Fri Feb 2 10:20:34 EST 2007

On Feb 2, 2007, at 3:06 PM, Paul Johnson wrote:

> As a rule, storing functions along with data is a can of worms.  
> Either you actually store the code as a BLOB or you store a pointer  
> to the function in memory. Either way you run into problems when  
> you upgrade your software and expect the stored functions to work  
> in the new context.

ACache does not store code in the database. You cannot read the  
database unless you have your original class code. ACache may store  
the "schema", i.e. the parent class names, slot names, etc.

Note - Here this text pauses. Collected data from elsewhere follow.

Lemma tsim_compat o (f g : 'I_(arity o) -> A) :
  (forall i, tsim t (f i) (g i)) -> tsim t (interp A o f) (interp A o g).
Proof.
move=> Hfg.
pose ord (j : nat) : 'I_(arity o) := insubd (Ordinal (Hpl.1 o)) j.
have ordK (k : 'I_(arity o)) : ord k = k by apply: val_inj; rewrite /ord val_insubd ltn_ord.
pose e j := if odd j then g (ord j./2) else f (ord j./2).
have eE (k : 'I_(arity o)) : e k.*2 = f k by rewrite /e odd_double doubleK ordK.
have eO (k : 'I_(arity o)) : e k.*2.+1 = g k by rewrite /e /= odd_double uphalf_double ordK.
pose u := App o (fun k => term_sub2 t (Var k.*2) (Var k.*2.+1)).
pose v := App o (fun k => term_sub2 t (Var k.*2.+1) (Var k.*2)).
have Huv : regular (u, v).
  by move=> j /=; split=> -[k]; rewrite !(occurs_term_sub2 Ht) /= => Hk; exists k;
    rewrite (occurs_term_sub2 Ht) /=; lia.
have Eu : eval e u = interp A o f.
  rewrite /u /=; congr (interp A o); apply: functional_extensionality => k.
  by rewrite eval_term_sub2 /= eE eO (Hfg k).1.
have Ev : eval e v = interp A o g.
  rewrite /v /=; congr (interp A o); apply: functional_extensionality => k.
  by rewrite eval_term_sub2 /= eE eO (Hfg k).2.
by rewrite -Eu -Ev; apply: tsim_regular.
Qed.

Lemma tsim_interp_const o (a : A) : tsim t (interp A o (fun _ => a)) a.
Proof.
have Hreg : regular (App o (fun _ => Var 0), Var 0).
  by move=> j /=; split=> [[]|<-] //; exists (Ordinal (Hpl.1 o)).
exact: (tsim_regular (fun _ => a) Hreg).
Qed.

Lemma tsim_cong : is_cong A (tsim t).
Proof. by split; [exact: tsim_refl | exact: tsim_sym | exact: tsim_trans | exact: tsim_compat]. Qed.

Lemma quot_tsim_in_S : in_S (quot A (tsim t)).
Proof.
move=> s Hs c; rewrite !(eval_quot tsim_cong).
by apply/(qclass_eqP tsim_cong); apply: tsim_regular.
Qed.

> Erlang also has a very disciplined approach to code updates, which  
> presumably helps a lot when functions are stored.

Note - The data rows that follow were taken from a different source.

Lemma is_deriveX_fun (f : V -> R) k x v df : is_derive x v f df ->
  is_derive x v (fun y => f y ^+ k) (k%:R * f x ^+ k.-1 * df).
Proof.
move=> f_derive; have := is_deriveX k f_derive.
by congr is_derive; apply: funext => y; rewrite exprfctE.
Qed.

Lemma is_derive_comp_real (F : R -> R) (g : V -> R) u v dg :
  is_derive u v g dg -> derivable F (g u) 1 ->
  is_derive u v (fun y => F (g y)) (derive1 F (g u) * dg).
Proof.
move=> /is_derive_lineP [g_derivable g_derive] F_derivable; apply/is_derive_lineP.
set gl := fun h : R => g (h *: v + u).
have gl0 : gl 0 = g u by rewrite /gl scale0r add0r.
split.
- apply/derivable1_diffP; apply: (@differentiable_comp _ _ _ _ gl F).
  + exact/derivable1_diffP.
  + by rewrite gl0; apply/derivable1_diffP.
- rewrite -derive1E (_ : (fun h => F (gl h)) = F \o gl) // derive1_comp.
  + by rewrite !derive1E gl0 g_derive.
  + exact: g_derivable.
  + by rewrite gl0.
Qed.

Lemma is_derive_mx_entry m k (u v : 'M[R]_(m, k)) j c :
  is_derive u v (fun N : 'M[R]_(m, k) => N j c) (v j c).
Proof.
apply/is_derive_lineP.
rewrite (_ : (fun h : R => _) = fun h => h * v j c + u j c); last first.
  by apply: funext => h; rewrite !mxE.
by apply: is_derive_eq; rewrite scaler0 add0r addr0 [_%:A]mulr1.
Qed.

End RealValued.

Section DeltaSums.
Context {K : comPzRingType}.

Lemma sum_mulr_delta_mx p q (j0 : 'I_p) (c0 : 'I_q) j (f : 'I_q -> K) :
  \sum_(c < q) f c * (delta_mx j0 c0 : 'M[K]_(p, q)) j c = (j == j0)%:R * f c0.
Proof.
rewrite (bigD1 c0) //= big1 ?addr0 => [|c c_neq]; rewrite mxE.
  by rewrite eqxx andbT mulrC.
by rewrite (negbTE c_neq) andbF mulr0.
Qed.

Lemma sum_eq_natr_mul (I : finType) (i0 : I) (F : I -> K) :
  \sum_i (i == i0)%:R * F i = F i0.
Proof.
rewrite (bigD1 i0) //= eqxx mul1r big1 ?addr0 // => i i_neq.
by rewrite (negbTE i_neq) mul0r.
Qed.

Lemma sum_ordS_natr_mul n (j0 : 'I_n) (F : 'I_n -> K) :
  \sum_(j < n) (ordS j == j0)%:R * F j = F (ord_pred j0).
Proof.
rewrite (bigD1 (ord_pred j0)) //= ord_predK eqxx mul1r big1 ?addr0 // => j j_neq.
case: eqP => [ordSj|_]; last by rewrite mul0r.
by move: j_neq; rewrite -ordSj ordSK eqxx.
Qed.

End DeltaSums.

Section ComplexifiedDeltaSums.
Context {R : realType}.

Lemma sum_delta_mxC p q (x : R) i e (W : 'M[R[i]]_(p, q)) :
  \sum_(l < p) \sum_(d < q) (x * (delta_mx l d : 'M[R]_(p, q)) i e)%:C * W l d
  = x%:C * W i e.
Proof.
rewrite (bigD1 i) //= [X in _ + X]big1 ?addr0 => [|l l_neq]; last first.
  by apply: big1 => d _; rewrite mxE eq_sym (negbTE l_neq) mulr0 mul0r.
rewrite (bigD1 e) //= [X in _ + X]big1 ?addr0 => [|d d_neq]; last first.
  by rewrite mxE eqxx eq_sym (negbTE d_neq) mulr0 mul0r.
by rewrite mxE !eqxx mulr1.
Qed.

Lemma sum_delta_mx_combC p q (s : seq (R * ('I_p * 'I_q))) (W : 'M[R[i]]_(p, q)) :
  \sum_(l < p) \sum_(d < q)
     (\sum_(t <- s) t.1 * (delta_mx l d : 'M[R]_(p, q)) t.2.1 t.2.2)%:C * W l d
  = \sum_(t <- s) t.1%:C * W t.2.1 t.2.2.
Proof.
elim: s => [|t s IH].
  by rewrite big_nil; apply: big1 => l _; apply: big1 => d _; rewrite big_nil mul0r.
rewrite big_cons -IH -sum_delta_mxC -big_split; apply: eq_bigr => l _ /=.
by rewrite -big_split; apply: eq_bigr => d _; rewrite big_cons rmorphD mulrDl.
Qed.

End ComplexifiedDeltaSums.

Lemma sum_ord2 (T : nmodType) (F : 'I_2 -> T) : \sum_(c < 2) F c = F 0 + F 1.
Proof. by rewrite big_ord_recl big_ord1; congr (_ + F _); exact: val_inj. Qed.

Section HamiltonianDerivatives.
Context {R : realType}.
Variables (n : nat) (m : int) (a : R) (V : R -> R).
Local Notation M := 'M[R]_(n, 2).
Local Notation om := (omega V n m a).

Definition row_norm2 (j : 'I_n) (u : M) : R := \sum_(c < 2) u j c ^+ 2.

Definition dH (v u : M) : R :=
  \sum_(j < n) ((derive1 V (row_norm2 j u) + om) * (\sum_(c < 2) u j c * v j c)
     - \sum_(c < 2) (u (ordS j) c - u j c) * (v (ordS j) c - v j c)).

Definition d2H (w v u : M) : R :=
  \sum_(j < n) (derive1 (derive1 V) (row_norm2 j u)
        * (\sum_(c < 2) 2 * u j c * w j c) * (\sum_(c < 2) u j c * v j c)
     + (derive1 V (row_norm2 j u) + om) * (\sum_(c < 2) v j c * w j c)
     - \sum_(c < 2) (v (ordS j) c - v j c) * (w (ordS j) c - w j c)).

Lemma HE : H V n m a = fun u : M => 2^-1 * \sum_(j < n)
   (V (row_norm2 j u) + om * row_norm2 j u
    - \sum_(c < 2) (u (ordS j) c - u j c) ^+ 2).
Proof.
apply: funext => u; congr (_ * _); apply: eq_bigr => j _.
by rewrite /sqn2 /row_norm2; congr (V _ + _ * _ - _); apply: eq_bigr => c _;
  rewrite !mxE.
Qed.

Lemma is_derive_row_norm2 (u v : M) j :
  is_derive u v (row_norm2 j) (\sum_(c < 2) 2 * u j c * v j c).
Proof.
apply: is_derive_sum_fun => c.
by apply: is_derive_eq; [apply/is_deriveX_fun/is_derive_mx_entry | rewrite expr1].
Qed.

Lemma is_derive_H (V_derivable : forall x, derivable V x 1) (u v : M) :
  is_derive u v (H V n m a) (dH v u).
Proof.
rewrite HE; apply: is_derive_eq.
  apply: is_deriveM_fun; apply: is_derive_sum_fun => j; apply: is_deriveB.
    apply: is_deriveD.
      exact: is_derive_comp_real (is_derive_row_norm2 _ _ _) (V_derivable _).
    by apply: is_deriveM_fun; apply: is_derive_row_norm2.
  by apply: is_derive_sum_fun => c; apply/is_deriveX_fun/is_deriveB;
    apply: is_derive_mx_entry.
rewrite /= mulr0 addr0 /dH mulr_sumr; apply: eq_bigr => j _; rewrite mulr0 addr0.
under eq_bigr do rewrite -mulrA.
under [X in _ - X]eq_bigr do rewrite expr1 -mulrA.
by rewrite -!mulr_sumr; field.
Qed.

Lemma is_derive_dH (V'_derivable : forall x, derivable (derive1 V) x 1)
    (u v w : M) :
  is_derive u w (dH v) (d2H w v u).
Proof.
apply: is_derive_eq.
  apply: is_derive_sum_fun => j; apply: is_deriveB.
    apply: is_deriveM_fun.
      apply: is_deriveD (is_derive_cst om _ _).
      exact: is_derive_comp_real (is_derive_row_norm2 _ _ _) (V'_derivable _).
    apply: is_derive_sum_fun => c.
    by apply: is_deriveM_fun; apply: is_derive_mx_entry.
  by apply: is_derive_sum_fun => c; apply: is_deriveM_fun; apply: is_deriveB;
    apply: is_derive_mx_entry.
apply: eq_bigr => j _ /=.
under eq_bigr do rewrite mulr0 add0r.
under [X in _ - X]eq_bigr do rewrite mulr0 add0r.
by rewrite addr0; ring.
Qed.

Lemma hessE (V_derivable : forall x, derivable V x 1)
    (V'_derivable : forall x, derivable (derive1 V) x 1) (u : M) p q :
  hess n (H V n m a) u p q = d2H (delta_mx p.1 p.2) (delta_mx q.1 q.2) u.
Proof.
rewrite /hess (_ : 'D_(delta_mx q.1 q.2) (H V n m a) = dH (delta_mx q.1 q.2)).
  exact: @derive_val _ _ _ _ _ _ _ (is_derive_dH V'_derivable _ _ _).
by apply: funext => x; apply: @derive_val _ _ _ _ _ _ _ (is_derive_H V_derivable _ _).
Qed.

Lemma d2H_delta_mx j0 c0 (v u : M) :
  d2H (delta_mx j0 c0) v u =
    derive1 (derive1 V) (row_norm2 j0 u) * (2 * u j0 c0)
      * (\sum_(c < 2) u j0 c * v j0 c)
    + (derive1 V (row_norm2 j0 u) + om - 2) * v j0 c0
    + v (ordS j0) c0 + v (ord_pred j0) c0.
Proof.
have diff_sum j : \sum_(c < 2) (v (ordS j) c - v j c)
      * ((delta_mx j0 c0 : M) (ordS j) c - (delta_mx j0 c0 : M) j c) =
    (ordS j == j0)%:R * (v (ordS j) c0 - v j c0)
      - (j == j0)%:R * (v (ordS j) c0 - v j c0).
  pose f c := v (ordS j) c - v j c.
  rewrite -(sum_mulr_delta_mx _ _ j0 c0 (ordS j) f).
  rewrite -(sum_mulr_delta_mx _ _ j0 c0 j f) -sumrB.
  by apply: eq_bigr => c _; rewrite mulrBr.
rewrite /d2H; under eq_bigr => j _ do rewrite !sum_mulr_delta_mx diff_sum.
rewrite (eq_bigr (fun j => (j == j0)%:R * (derive1 (derive1 V) (row_norm2 j u)
      * (2 * u j c0) * (\sum_(c < 2) u j c * v j c)
      + (derive1 V (row_norm2 j u) + om) * v j c0 + (v (ordS j) c0 - v j c0))
    + (ordS j == j0)%:R * (v j c0 - v (ordS j) c0))); last by move=> j _; ring.
by rewrite big_split /= sum_eq_natr_mul sum_ordS_natr_mul ord_predK; ring.
Qed.

Lemma hess_act_H (V_derivable : forall x, derivable V x 1)
    (V'_derivable : forall x, derivable (derive1 V) x 1) (u : M)
    (W : 'M[R[i]]_(n, 2)) j c :
  hess_act n (H V n m a) u W j c =
    \sum_(d < 2) (derive1 (derive1 V) (row_norm2 j u) * (2 * u j c) * u j d)%:C
      * W j d
    + (derive1 V (row_norm2 j u) + om - 2)%:C * W j c
    + W (ordS j) c + W (ord_pred j) c.
Proof.
(* Row (j, c) of the Hessian is the linear combination [s] of coordinates. *)
set A := derive1 (derive1 V) (row_norm2 j u) * (2 * u j c).
pose s := [:: (A * u j 0, (j, 0)); (A * u j 1, (j, 1));
  (derive1 V (row_norm2 j u) + om - 2, (j, c)); (1, (ordS j, c));
  (1, (ord_pred j, c))].
rewrite /hess_act mxE (eq_bigr (fun l => \sum_(d < 2)
    ((\sum_(t <- s) t.1 * (delta_mx l d : M) t.2.1 t.2.2)%:C * W l d))).
  by rewrite sum_delta_mx_combC !big_cons big_nil sum_ord2 addr0 !rmorph1 !mul1r
    !addrA.
move=> l _; apply: eq_bigr => d _; congr (_%:C * _).
by rewrite hessE //= d2H_delta_mx !big_cons big_nil sum_ord2 /= /A; ring.
Qed.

No storing of code here either. What you store in Erlang is just  
tuples so there's no schema or class definition. No functions are  
stored since any Erlang code can fetch the tuples from Mnesia. You do  
need to have the original record definition around but this is just  
to be able to refer to tuple elements with field names rather name  
field position.

> I very much admire Mnesia, even though I'm not an Erlang  
> programmer. It would indeed be really cool to have something like  
> that. But Mnesia is built on the Erlang OTP middleware. I would  
> suggest that Haskell needs a middleware with the same sort of  
> capabilities first. Then we can build a database on top of it.

Right. That would be a prerequisite.

> The real headache is type safety. Erlang is entirely dynamically  
> typed, so untyped schemas with column values looked up by name at  
> run-time fit right in, and its up to the programmer to manage  
> schema and code evolution to prevent errors. Doing all this in a  
> statically type safe way is another layer of complexity and checking.

I believe Lambdabot does schema evolution.

> Alternatively the protocol can be defined in a special purpose  
> protocol module P, and A and B then import P. This is the approach  
> taken by CORBA with IDL. However what happens if P is updated to  
> P'? Does this mean that both A and B need to be recompiled and  
> restarted simultaneously? Requiring this is a Bad Thing; imagine if  
> every bank in the world had to upgrade and restart its computers  
> simultaneously in order to upgrade a common protocol.

I would go for the middle ground and dump the issue entirely. Lets be  
practical here. When a binary protocol is updated, all code using the  
protocol needs to be updated. This would be good enough. It would  
suite me just fine too as I'm not yearning for CORBA, I just want to  
build a trading infrastructure entirely in Haskell.

> There is still the possibility of a run-time failure at the  
> protocol negotiation stage of course, if it transpires that the to  
> processes have no common protocol.

So no protocol negotiation!

> However there is a wrinkle here: what about "pass through"  
> processes which don't interpret the data but just store and forward  
> it. Various forms of protocol adapter fit this scenario, as does  
> the database you originally asked about.

Any packet traveling over the wire would need to have a size,  
followed by a body. Any pass-through protocol can just take the  
binary blob and re-send it.

	Thanks, Joel

--
http://wagerlabs.com/